_ASSIGNMENT_.
Extract each line holding the word "Prop" from the entries.

_PROVIDED MATERIAL_.
(* Consider a network as described in the context with $\Delta_{ij}>0$ for all $i\ne j$. Assume the similarity inequality $$\frac{\min_i\big(\theta_i/\max_{x\in S_i^{-1}([0,\theta_i])}\nabla S_i(x)\cdot f_i(x)\big)}{\max_i\big(\theta_i/\min_{x\in S_i^{-1}([0,\theta_i])}\nabla S_i(x)\cdot f_i(x)\big)}\ \ge\ 1-\frac{\min_{i\ne j}\Delta_{ij}}{\max_i\theta_i}.$$ Suppose the initial state satisfies $S_i(x_i(0))=0$ for all $i$. Then at the first spiking instant $t_1>0$ (the first positive instant at which some cell spikes), all cells spike, i.e. $I(t_1)=\{1,\dots,m\}$.
   Context: Network model. Fix an integer $m\ge 2$ (the number of units, or cells). For each $i\in\{1,\dots,m\}$ the following data are given. - $X_i$ is a compact finite-dimensional smooth manifold. - $f_i$ is a continuous vector field on $X_i$. - $S_i:X_i\to\mathbb R$ is a $C^1$ function, called the satisfaction level. - $\theta_i>0$ is a constant, called the goal. These are required to satisfy: there is $v_i>0$ with $\nabla S_i(x)\cdot f_i(x)>v_i$ for every $x\in X_i$ with $S_i(x)<\theta_i$. Real interaction weights $\Delta_{ij}$ are given for $i\ne j$. The global state $\mathbf x(t)=(x_1(t),\dots,x_m(t))\in\prod_i X_i$, $t\ge 0$, evolves as follows. Spiking instants $0\le t_0<t_1<\cdots$ are the instants at which at least one cell spikes. Between consecutive spiking instants each $x_i$ evolves independently by $dx_i/dt=f_i(x_i)$. At an instant $t_n$, write $S_j(x_j(t_n^-))=\lim_{t\to t_n^-}S_j(x_j(t))$. The coalition is $I(t_n)=\bigcup_{p\ge 0}I_p(t_n)$, where: - $I_0(t_n)$ is the set of cells $i$ with $S_i(x_i(t_n^-))\ge\theta_i$; - for $p\ge1$, $I_p(t_n)$ is the set of cells $j\notin\bigcup_{k<p}I_k(t_n)$ with $S_j(x_j(t_n^-))+\sum_{k<p}\sum_{i\in I_k(t_n)}\Delta_{ij}\ge\theta_j$. The spiking instants are exactly the instants with $I_0(t_n)\neq\emptyset$, and the cells in $I(t_n)$ are said to spike at $t_n$. At $t_n$ the state jumps as follows: - for $j\in I(t_n)$, $x_j(t_n)$ is a point with $S_j(x_j(t_n))=0$; - for $j\notin I(t_n)$, $x_j(t_n)$ is a point with $S_j(x_j(t_n))=S_j(x_j(t_n^-))+\sum_{i\in I(t_n),\,i\ne j}\Delta_{ij}$. Initial states are assumed to satisfy $S_i(x_i(0))\in[0,\theta_i)$ for all $i$. The network is cooperative if $\Delta_{ij}\ge 0$ for all $i\ne j$. A cooperative network is large enough if $\sqrt m\ge 1+\frac{\max_i\theta_i}{\min_{i\ne j}\Delta_{ij}}$; in particular this requires $\Delta_{ij}>0$ for all $i\ne j$. The grand coalition is exhibited at $t_n$ if $I(t_n)=\{1,\dots,m\}$. *)

From Stdlib Require Import Reals List Arith Bool.
Import ListNotations.
Open Scope bool_scope.
Open Scope R_scope.

Definition Rmin_seq (l : list R) : R :=
  match l with nil => 0 | a :: t => fold_right Rmin a t end.
Definition Rmax_seq (l : list R) : R :=
  match l with nil => 0 | a :: t => fold_right Rmax a t end.

(* Cells are indexed by 0, ..., m-1. *)
Definition cells (m : nat) : list nat := seq 0 m.

Definition min_offdiag (m : nat) (Delta : nat -> nat -> R) : R :=
  Rmin_seq (flat_map (fun i => map (fun j => Delta i j)
              (filter (fun j => negb (Nat.eqb i j)) (cells m))) (cells m)).

Definition right_cont_at (f : R -> R) (a : R) : Prop :=
  forall eps, 0 < eps -> exists d, 0 < d /\
    forall t, a <= t < a + d -> Rabs (f t - f a) < eps.

Definition left_lim (f : R -> R) (a L : R) : Prop :=
  forall eps, 0 < eps -> exists d, 0 < d /\
    forall t, a - d < t < a -> Rabs (f t - L) < eps.

Definition Rgeb (a b : R) : bool := if Rle_dec b a then true else false.

Definition mem_nat (j : nat) (l : list nat) : bool := existsb (Nat.eqb j) l.

(* Given the layers I_0, ..., I_{p-1} (as lists), the next layer I_p:
   cells j not in earlier layers with
   S_j(t^-) + sum_{k<p} sum_{i in I_k} Delta_ij >= theta_j.
   (For p = 0 this is exactly I_0 = {i | S_i(t^-) >= theta_i}.) *)
Definition next_layer (m : nat) (Delta : nat -> nat -> R) (theta Sminus : nat -> R)
    (pre : list (list nat)) : list nat :=
  filter (fun j => negb (mem_nat j (concat pre)) &&
             Rgeb (Sminus j + fold_right Rplus 0 (map (fun i => Delta i j) (concat pre)))
                  (theta j))
         (cells m).

(* layers m Delta theta Sminus p = [I_0; ...; I_{p-1}] *)
Fixpoint layers (m : nat) (Delta : nat -> nat -> R) (theta Sminus : nat -> R) (p : nat)
    : list (list nat) :=
  match p with
  | O => nil
  | S p' => let pre := layers m Delta theta Sminus p' in
            pre ++ [next_layer m Delta theta Sminus pre]
  end.

(* j belongs to the coalition I = union_p I_p, computed from the left limits Sminus. *)
Definition in_coalition (m : nat) (Delta : nat -> nat -> R) (theta Sminus : nat -> R)
    (j : nat) : Prop :=
  exists p, In j (concat (layers m Delta theta Sminus p)).

From Stdlib Require Import Reals List Lra Lia.
Open Scope R_scope.

(* Before the first spike every cell starts at level 0 and climbs
   with a rate that is positive, hence its level stays in [0, theta_i], where the
   rate lies between rmin_i and rmax_i.  Comparing with affine functions (mean
   value theorem plus one-sided limits) gives
        rmin_i * t1 <= S_i(t1^-) <= rmax_i * t1       for every cell i.
   The cell i0 that fires at t1 thus forces t1 >= theta_i0 / rmax_i0 >= A, where
   A = min_i theta_i/rmax_i; the similarity inequality A/B >= 1 - D/M (B the max
   of theta_i/rmin_i, D the least weight, M the largest goal) then yields
   theta_j <= rmin_j * t1 + D <= S_j(t1^-) + Delta_{i0 j} for every cell j, so
   the kick of i0 alone pushes every other cell over its goal: j lies in the
   coalition layer I_0 or I_1. *)

(* g(r) -> L as r -> 0^+; both right-continuity and left limits reduce to it. *)
Definition lim_right0 (g : R -> R) (L : R) : Prop :=
  forall eps, 0 < eps -> exists d, 0 < d /\
    forall r, 0 < r < d -> Rabs (g r - L) < eps.

Lemma lim_right0_of_right_cont (f : R -> R) (a : R) :
  right_cont_at f a -> lim_right0 (fun r => f (a + r)) (f a).
Proof.
  intros Hf eps Heps. destruct (Hf eps Heps) as [d [Hd Hclose]].
  exists d; split; [exact Hd|]. intros r Hr. apply Hclose. lra.
Qed.

Lemma lim_right0_of_left_lim (f : R -> R) (b L : R) :
  left_lim f b L -> lim_right0 (fun r => f (b - r)) L.
Proof.
  intros Hf eps Heps. destruct (Hf eps Heps) as [d [Hd Hclose]].
  exists d; split; [exact Hd|]. intros r Hr. apply Hclose. lra.
Qed.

_SOLVED EXERCISE_.
Definition right_cont_at (f : R -> R) (a : R) : Prop :=
Definition left_lim (f : R -> R) (a L : R) : Prop :=
    (j : nat) : Prop :=
Definition lim_right0 (g : R -> R) (L : R) : Prop :=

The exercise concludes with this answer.